In re Seagate

In Re Seagate Technology, L.L.C.
497 F.3d 1360 (Fed. Cir. 2007) (en banc)

Description: The Federal Circuit creates a new standard for willful infringement – making it more difficult for patentees to prove willful infringement.

• Seagate hired an attorney, Gerald Sekimura, to analyze the infringement, validity and enforceability of several patents owned by Convolve, Inc and the Massachusetts Institute of Technology (collectively “Convolve”).
• Sekimura provided Seagate with three written opinions in which Sekimura concluded that several of Convolve’s patents were either invalid or unenforceable.
• Convolve filed a complaint alleging that Seagate was willfully infringing the patents analyzed by Sekimura.
• Seagate informed Convolve that it was going to rely on the three opinion letters written by Sekimura in defending against the willful infringement allegations and produced all of Sekimura’s work product and made him available for deposition.
• Convolve moved to compel discovery of any communications and work product between Seagate and its other counsel, including Seagate’s trial counsel.

Procedural History
• The United States District Court for the Southern District of New York held that Seagate had waived its attorney-client privilege for all communications between it and all of its counsel, including in house counsel and trial counsel, involving Sekimura’s opinion letters.
• The United States District Court for the Southern District of New York denied Seagate’s motion for a stay and certification for interlocutory appeal.
• As a result, Seagate petitioned for a writ of mandamus.
• The Court of Appeals for the Federal Circuit stayed discovery and accepted en banc review of Seagate’s appeal.

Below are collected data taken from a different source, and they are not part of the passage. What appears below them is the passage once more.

Lemma sigma_singleton_if (P : Prop) w0 : S (fun w => P /\ w = w0).
Proof.
  destruct HS as [Htop [Hcompl _]]. destruct (classic P) as [HP | HP].
  - replace (fun w => P /\ w = w0) with (fun w => w = w0) by (apply event_ext; tauto).
    apply sigma_singleton.
  - replace (fun w => P /\ w = w0) with (fun w => ~ (fun _ : Omega => True) w) by (apply event_ext; tauto).
    apply Hcompl, Htop.
Qed.

(* Such a set is a countable union of singletons. *)
Lemma sigma_word_paths (F : event) : (forall w, F w -> exists u, w = word_path u) -> S F.
Proof.
  intros HF. destruct HS as [_ [_ Hunion]]. set (pt n k := word_path (nth k (words n) nil)).
  replace F with (fun w => exists n, (fun n w => exists k, (fun k w => F (pt n k) /\ w = pt n k) k w) n w).
  - apply Hunion; intros n. apply Hunion; intros k. apply sigma_singleton_if.
  - apply event_ext; intros w; split.
    + intros [n [k [Hk ->]]]; exact Hk.
    + intros Hw. destruct (HF w Hw) as [u ->].
      assert (Hu : In u (words (length u))) by (apply in_words; reflexivity).
      destruct (In_nth _ _ nil Hu) as [k [_ Hk]].
      exists (length u), k. unfold pt; rewrite Hk. split; [exact Hw | reflexivity].
Qed.

End Measurability.

Lemma nat_floor r : 0 <= r -> exists m : nat, INR m <= r < INR m + 1.
Proof.
  intros Hr. destruct (archimed r) as [H1 H2].
  assert (Hup : (0 < up r)%Z) by (apply lt_IZR; lra).
  exists (Z.to_nat (up r - 1)). rewrite INR_IZR_INZ, Z2Nat.id, minus_IZR by lia. simpl; lra.
Qed.

Lemma count_selection {A} (l : list A) (e : A -> Prop) (k : nat) :
  NoDup l -> INR k <= sumL (fun v => indP (e v)) l ->
  exists s : A -> Prop, (forall v, s v -> e v) /\ sumL (fun v => indP (s v)) l = INR k.
Proof.
  revert k; induction l as [|a l IH]; intros k Hnd Hk.
  - destruct k; [exists (fun _ => False); split; [tauto | reflexivity]|].
    change (INR (S k) <= 0) in Hk. rewrite S_INR in Hk; pose proof (pos_INR k); lra.
  - inversion Hnd as [|a' l' Hna Hnd']; subst.
    change (INR k <= indP (e a) + sumL (fun v => indP (e v)) l) in Hk.
    assert (Hoff : forall s : A -> Prop, sumL (fun v => indP (v <> a /\ s v)) l
                                             = sumL (fun v => indP (s v)) l).
    { intros s; apply sumL_ext; intros v Hv.
      assert (v <> a) by (intros ->; contradiction).
      destruct (classic (s v)); [rewrite !indP_T | rewrite !indP_F]; tauto. }
    destruct k as [|k].
    { exists (fun _ => False); split; [tauto|].
      rewrite (sumL_ext _ (fun _ => 0)) by (intros; apply indP_F; tauto).
      rewrite sumL_const; simpl; ring. }
    destruct (classic (e a)) as [ea | nea].
    + rewrite indP_T, S_INR in Hk by exact ea.
      destruct (IH k Hnd' ltac:(lra)) as [s [Hs Hcount]].
      exists (fun v => v = a \/ (v <> a /\ s v)); split; [intros v [-> | [_ h]]; auto|].
      change (indP (a = a \/ (a <> a /\ s a)) + sumL (fun v => indP (v = a \/ (v <> a /\ s v))) l
              = INR (S k)).
      rewrite indP_T by (left; reflexivity).
      rewrite (sumL_ext _ (fun v => indP (v <> a /\ s v))), Hoff, Hcount, S_INR; [ring|].
      intros v Hv. assert (v <> a) by (intros ->; contradiction).
      f_equal; apply propositional_extensionality; tauto.
    + rewrite indP_F in Hk by exact nea.
      destruct (IH (S k) Hnd' ltac:(lra)) as [s [Hs Hcount]].
      exists (fun v => v <> a /\ s v); split; [intros v [_ h]; auto|].
      change (indP (a <> a /\ s a) + sumL (fun v => indP (v <> a /\ s v)) l = INR (S k)).
      rewrite indP_F, Hoff, Hcount by tauto; ring.
Qed.

Definition level_count (E : event) (p : list bool) : R :=
  sumL (fun v => indP (E (word_path (p ++ v)))) (words (length p)).

Lemma level_count_bounds E p : 0 <= level_count E p <= 2 ^ length p.
Proof.
  rewrite <- length_words. apply sumL_unit_interval; intros; apply indP_unit_interval.
Qed.

Lemma level_selection (E : event) (alpha : R) : 0 <= alpha <= 1 ->
  exists sel : list bool -> list bool -> Prop, forall p,
    (forall v, sel p v -> E (word_path (p ++ v))) /\
    Rabs (sumL (fun v => indP (sel p v)) (words (length p)) - alpha * level_count E p) <= 1.
Proof.
  intros Ha.
  assert (Hsel : forall p, exists s : list bool -> Prop, (forall v, s v -> E (word_path (p ++ v))) /\
    Rabs (sumL (fun v => indP (s v)) (words (length p)) - alpha * level_count E p) <= 1).
  { intros p. pose proof (level_count_bounds E p) as Hc.
    destruct (nat_floor (alpha * level_count E p)) as [m Hm]; [nra|].
    destruct (count_selection (words (length p)) (fun v => E (word_path (p ++ v))) m
                (words_nodup _)) as [s [Hs Hcount]].
    { apply Rle_trans with (alpha * level_count E p); [lra|].
      change (alpha * level_count E p <= level_count E p); nra. }
    exists s; split; [exact Hs|]. rewrite Hcount. apply Rabs_le; lra. }
  exists (fun p => proj1_sig (constructive_indefinite_description _ (Hsel p))).
  intros p; exact (proj2_sig (constructive_indefinite_description _ (Hsel p))).
Qed.

Section DiffuseDirac.

Context (V : (nat -> Prop) -> Prop) `{HV : filter.UltraFilter nat V}.
Hypothesis V_cofinite : forall N, V (fun n => (N <= n)%nat).

Definition level_freq (E : event) (x : Omega) (n : nat) : R := level_count E (prefix x n) / 2 ^ n.

Lemma level_freq_unit_interval E x n : 0 <= level_freq E x n <= 1.
Proof.
  unfold level_freq. pose proof (level_count_bounds E (prefix x n)) as Hb.
  rewrite length_prefix in Hb. pose proof (pow_lt 2 n ltac:(lra)).
  split; [apply Rmult_le_pos; [lra | left; apply Rinv_0_lt_compat; lra]|].
  apply Rmult_le_reg_r with (2 ^ n); [lra|]. unfold Rdiv; rewrite Rmult_assoc, Rinv_l; lra.
Qed.

Lemma level_freq_or E F x n : (forall w, E w -> F w -> False) ->
  level_freq (fun w => E w \/ F w) x n = level_freq E x n + level_freq F x n.
Proof.
  intros Hd. unfold level_freq, level_count, Rdiv.
  rewrite <- Rmult_plus_distr_r, <- sumL_plus. f_equal.
  apply sumL_ext; intros v _. apply indP_or. apply Hd.
Qed.

Lemma level_freq_cylinder E x t n :
  subset (cylinder x t) E -> (t <= n)%nat -> level_freq E x n = 1.
Proof.
  intros HE Htn. unfold level_freq, level_count.
  rewrite (sumL_ext _ (fun _ => 1)).
  - rewrite sumL_const, length_prefix, length_words. field. apply pow_nonzero; lra.
  - intros v _. apply indP_T, HE. intros i Hi. apply word_path_prefix. lia.
Qed.
(* It suffices to check the vertices of the compact polyhedron S: a compact
   polyhedron lies in every convex set containing its vertices, because a
   non-vertex x moves in both directions along a line that keeps the
   constraints tight at x, and the two exit points, which have x between them,
   have strictly more tight constraints.  At a vertex s the data identity
   X1 = A X0 + B U0 + D0 together with X0 GK = I gives A + BK = (X1 - D0) GK.
   Writing each unknown d_d(j) as a convex combination of the vertices d^(i)
   with weights alpha_ji, the point (X1 - D0) GK s + w is the average, with
   weights alpha_ji / T, of the points (X1 - delta_ji) GK s + w, all of which
   lie in S by hypothesis. *)

From Pilot Require Import Defs.
From HB Require Import structures.
From mathcomp Require Import all_boot all_order all_algebra.
From mathcomp Require Import all_classical all_reals all_analysis.
From mathcomp Require Import ring lra.
Set Implicit Arguments. Unset Strict Implicit. Unset Printing Implicit Defensive.
Import Order.TTheory GRing.Theory Num.Theory.
Import numFieldNormedType.Exports.
Local Open Scope classical_set_scope.
Local Open Scope ring_scope.

Lemma convex_comb_eq1 (R : realFieldType) (t a b : R) :
  0 < t < 1 -> a <= 1 -> b <= 1 -> t * a + (1 - t) * b = 1 -> a = 1 /\ b = 1.
Proof. move=> /andP[t0 t1] a1 b1 e; split; nra. Qed.

Lemma convex_affine_preimage (R : realType) (n q : nat) (Q : set 'cV[R]_q)
    (M : 'M[R]_(q, n)) (w : 'cV[R]_q) :
  Defs.convex_set Q -> Defs.convex_set [set x | Q (M *m x + w)].
Proof.
move=> convQ x y t Qx Qy t01 /=.
have -> : M *m (t *: x + (1 - t) *: y) + w = t *: (M *m x + w) + (1 - t) *: (M *m y + w).
  by rewrite mulmxDr -!scalemxAr !scalerDr addrACA -scalerDl [t + _]addrC subrK scale1r.
exact: convQ.
Qed.

Section Polyhedron.
Variables (R : realType) (n p : nat) (H : 'M[R]_(p, n)).

Lemma polyhP x : polyh H x <-> forall r, (H *m x) r 0 <= 1.
Proof.
rewrite /polyh /mxle /=; split=> [Px r | Px r j].
  by have := Px r 0; rewrite [ones _ _ _ _]mxE.
by rewrite (ord1 j) [ones _ _ _ _]mxE.
Qed.

Lemma polyh0 : polyh H 0.
Proof. by apply/polyhP => r; rewrite mulmx0 mxE ler01. Qed.
(* Let $B=B_{\mathbb{S}^3_\theta}$ carry the Riemannian structure induced from $\mathbb{R}^4_\theta$ as described in the context, and let $\widetilde f=\tfrac12\sum_{i,j}h_{ij}z^iz^j=\tfrac12(z^1z^3-z^2z^4)$ (a central element of $B$) and $C=B/(\widetilde f)$. Then the $1$-form $\widetilde\nu:=\mathrm{d}_B\widetilde f=\sum_{i,j=1}^4h_{ij}\,z^i\,\mathrm{d}z^j\in\Omega^1_B$ is central and satisfies $[g_B^{-1}(\widetilde\nu\otimes_B\widetilde\nu)]=1$ in $C$; hence $C$ is a noncommutative hypersurface of $B$ (with basis $[\widetilde\nu]$ of $N^1_C$). The projector $\widetilde\Pi:\widetilde q_!(\Omega^1_B)\to\widetilde q_!(\Omega^1_B)$, $[\omega]\mapsto[\omega-g_B^{-1}(\omega\otimes_B\widetilde\nu)\widetilde\nu]$, is given by $\widetilde\Pi(\mathrm{d}z^i)=\mathrm{d}z^i+(-1)^i\,z^i\,\widetilde\nu$.
   Context: $\theta\in\mathbb{R}$; $R=(R^{ab})$ (row $a$, column $b$) with rows $(1,e^{-i\theta},1,e^{i\theta})$, $(e^{i\theta},1,e^{-i\theta},1)$, $(1,e^{i\theta},1,e^{-i\theta})$, $(e^{-i\theta},1,e^{i\theta},1)$; $A=\mathbb{C}\langle z^1,\dots,z^4\rangle/(z^iz^j-R^{ji}z^jz^i)$; $\Omega^1_A=\bigoplus_iA\,\mathrm{d}z^i$ free left module with $\mathrm{d}z^i\,z^j=R^{ji}z^j\mathrm{d}z^i$, $\mathrm{d}$ Leibniz extension of $z^i\mapsto\mathrm{d}z^i$. $P$ with rows $(0,0,1,0),(0,0,0,1),(1,0,0,0),(0,1,0,0)$, $(g_{ij})=\tfrac12P$, $(g^{ij})=2P$; $(h_{ij})=\tfrac12Q$ with $Q$ having rows $(0,0,1,0),(0,0,0,-1),(1,0,0,0),(0,-1,0,0)$. $B=A/(f)$ with $f=\tfrac12(z^1z^3+z^2z^4-1)$; $\Omega^1_B$ is the quotient of $\Omega^1_A/(f\Omega^1_A+\Omega^1_Af)$ by the $B$-subbimodule generated by $[\mathrm{d}f]$, with $\mathrm{d}_B[a]=[\mathrm{d}a]$ (classes are suppressed in notation). The induced Riemannian structure on $B$ is given by $g_B=\sum g_{ij}\mathrm{d}z^i\otimes_B\mathrm{d}z^j$, inverse metric $g_B^{-1}(\mathrm{d}z^i\otimes_B\mathrm{d}z^j)=g^{ij}-z^iz^j$ (extended as $B$-bimodule map), $\nabla_B(\mathrm{d}z^i)=-z^i\sum g_{kl}\mathrm{d}z^k\otimes_B\mathrm{d}z^l$ (with left Leibniz rule), $\sigma_B(\mathrm{d}z^i\otimes_B\mathrm{d}z^j)=R^{ji}\mathrm{d}z^j\otimes_B\mathrm{d}z^i$. Hypersurface notions (for an algebra $B$ with calculus $\Omega^1_B$ and inverse metric $g_B^{-1}$): for $C=B/J$, $J$ a two-sided ideal, $\widetilde q:B\to C$, $\widetilde q_!(\Omega^1_B)=\Omega^1_B/(J\Omega^1_B+\Omega^1_BJ)$, $N^1_C$ the $C$-subbimodule generated by $[\mathrm{d}_Ba]$, $a\in J$, $\Omega^1_C=\widetilde q_!(\Omega^1_B)/N^1_C$. $C$ is a (metrically co-orientable) noncommutative hypersurface if $N^1_C$ is free of rank one with basis $[\widetilde\nu]$, $\widetilde\nu\in\Omega^1_B$ central, $[g_B^{-1}(\widetilde\nu\otimes_B\widetilde\nu)]=1\in C$. *)

From HB Require Import structures.
From mathcomp Require Import all_boot all_algebra.
From mathcomp Require Import reals trigo.
From mathcomp.real_closed Require Import complex.
From mathcomp Require Import finmap.
From mathcomp.multinomials Require Import monalg.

• The Federal Circuit overrules Underwater Devices Inc. v. Morrison-Knudsen Co. by abandoning the affirmative duty of due care in favor of the recklessness standard.
• By asserting the advice of counsel defense and disclosing the opinions of Sekimura, Seagate did not waive its attorney-client privilege for communications with trial counsel.

Important Dicta
• In her concurring opinion, Garjasa wanted to overrule Beatrice Foods Co. v. New England Printing & Lithographing Co. as well as Underwater Devices. Garjasa does not want the court to continue to read a willfulness standard into § 284.

Critical Analysis
• New standard for willful infringement: “Accordingly, to establish willful infringement, a patentee must show by clear and convincing evidence that the infringer acted despite an objectively high likelihood that its actions constituted infringement of a valid patent.”
• The state of mind of the infringer is no longer relevant to the inquiry into willful infringement.

Importance of Decision or Unanswered Questions
• As noted in the concurring opinion by Newman, by switching to an objective standard for proving willful infringement, the Federal Circuit cannot mean that it will tolerate the intentional disregard of another’s property. Newman wants the infringers to be evaluated by the “standards of fair commerce.”